EXERCISE INSTRUCTIONS ▸
While reading the listing below, count how many lines hold the word "mathcomp", and answer with the number only.

DATA FOR REVIEW ▸

'''

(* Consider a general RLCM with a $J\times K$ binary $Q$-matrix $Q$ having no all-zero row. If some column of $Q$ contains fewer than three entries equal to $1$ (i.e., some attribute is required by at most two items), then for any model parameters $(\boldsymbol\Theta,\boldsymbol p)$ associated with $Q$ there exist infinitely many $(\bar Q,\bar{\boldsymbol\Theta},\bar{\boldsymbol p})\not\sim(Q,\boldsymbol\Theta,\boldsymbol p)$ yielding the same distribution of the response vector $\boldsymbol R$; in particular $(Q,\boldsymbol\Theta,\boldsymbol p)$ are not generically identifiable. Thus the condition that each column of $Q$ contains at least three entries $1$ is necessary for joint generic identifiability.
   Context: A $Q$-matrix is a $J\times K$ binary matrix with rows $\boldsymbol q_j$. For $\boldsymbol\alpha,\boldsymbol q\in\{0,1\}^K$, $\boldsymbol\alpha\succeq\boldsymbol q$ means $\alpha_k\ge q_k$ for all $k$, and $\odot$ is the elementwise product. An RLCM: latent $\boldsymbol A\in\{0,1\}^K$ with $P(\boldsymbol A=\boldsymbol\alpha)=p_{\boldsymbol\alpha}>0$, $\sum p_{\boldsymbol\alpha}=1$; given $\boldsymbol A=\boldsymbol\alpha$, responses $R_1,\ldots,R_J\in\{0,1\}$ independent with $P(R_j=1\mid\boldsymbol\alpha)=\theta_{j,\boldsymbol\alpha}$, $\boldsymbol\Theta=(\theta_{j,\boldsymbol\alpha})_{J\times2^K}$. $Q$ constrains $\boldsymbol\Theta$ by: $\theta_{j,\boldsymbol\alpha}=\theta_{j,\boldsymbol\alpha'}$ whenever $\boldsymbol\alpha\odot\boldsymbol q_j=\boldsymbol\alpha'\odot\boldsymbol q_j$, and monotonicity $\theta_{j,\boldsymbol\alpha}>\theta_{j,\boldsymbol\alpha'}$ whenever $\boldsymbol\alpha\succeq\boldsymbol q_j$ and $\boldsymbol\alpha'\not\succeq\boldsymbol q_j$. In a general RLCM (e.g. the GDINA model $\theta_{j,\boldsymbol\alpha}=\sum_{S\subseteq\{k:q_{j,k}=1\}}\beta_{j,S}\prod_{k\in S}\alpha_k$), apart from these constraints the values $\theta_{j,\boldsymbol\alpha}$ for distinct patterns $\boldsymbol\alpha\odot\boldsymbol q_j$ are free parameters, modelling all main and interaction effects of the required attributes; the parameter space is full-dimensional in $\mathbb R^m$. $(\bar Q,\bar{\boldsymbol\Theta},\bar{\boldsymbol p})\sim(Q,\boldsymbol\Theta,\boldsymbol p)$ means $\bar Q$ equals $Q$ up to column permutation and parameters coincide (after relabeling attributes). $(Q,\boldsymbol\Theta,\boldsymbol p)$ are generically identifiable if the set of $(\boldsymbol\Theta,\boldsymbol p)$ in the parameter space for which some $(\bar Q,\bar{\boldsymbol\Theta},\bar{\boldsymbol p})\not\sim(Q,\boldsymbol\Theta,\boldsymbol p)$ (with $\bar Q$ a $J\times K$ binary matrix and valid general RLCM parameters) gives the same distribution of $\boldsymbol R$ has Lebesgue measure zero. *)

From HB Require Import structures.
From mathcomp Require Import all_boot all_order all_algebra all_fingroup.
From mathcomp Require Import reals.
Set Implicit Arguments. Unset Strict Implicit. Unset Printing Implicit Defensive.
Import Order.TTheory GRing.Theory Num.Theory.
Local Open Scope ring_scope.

'''

SOLUTION TO THIS PROBLEM ▸
2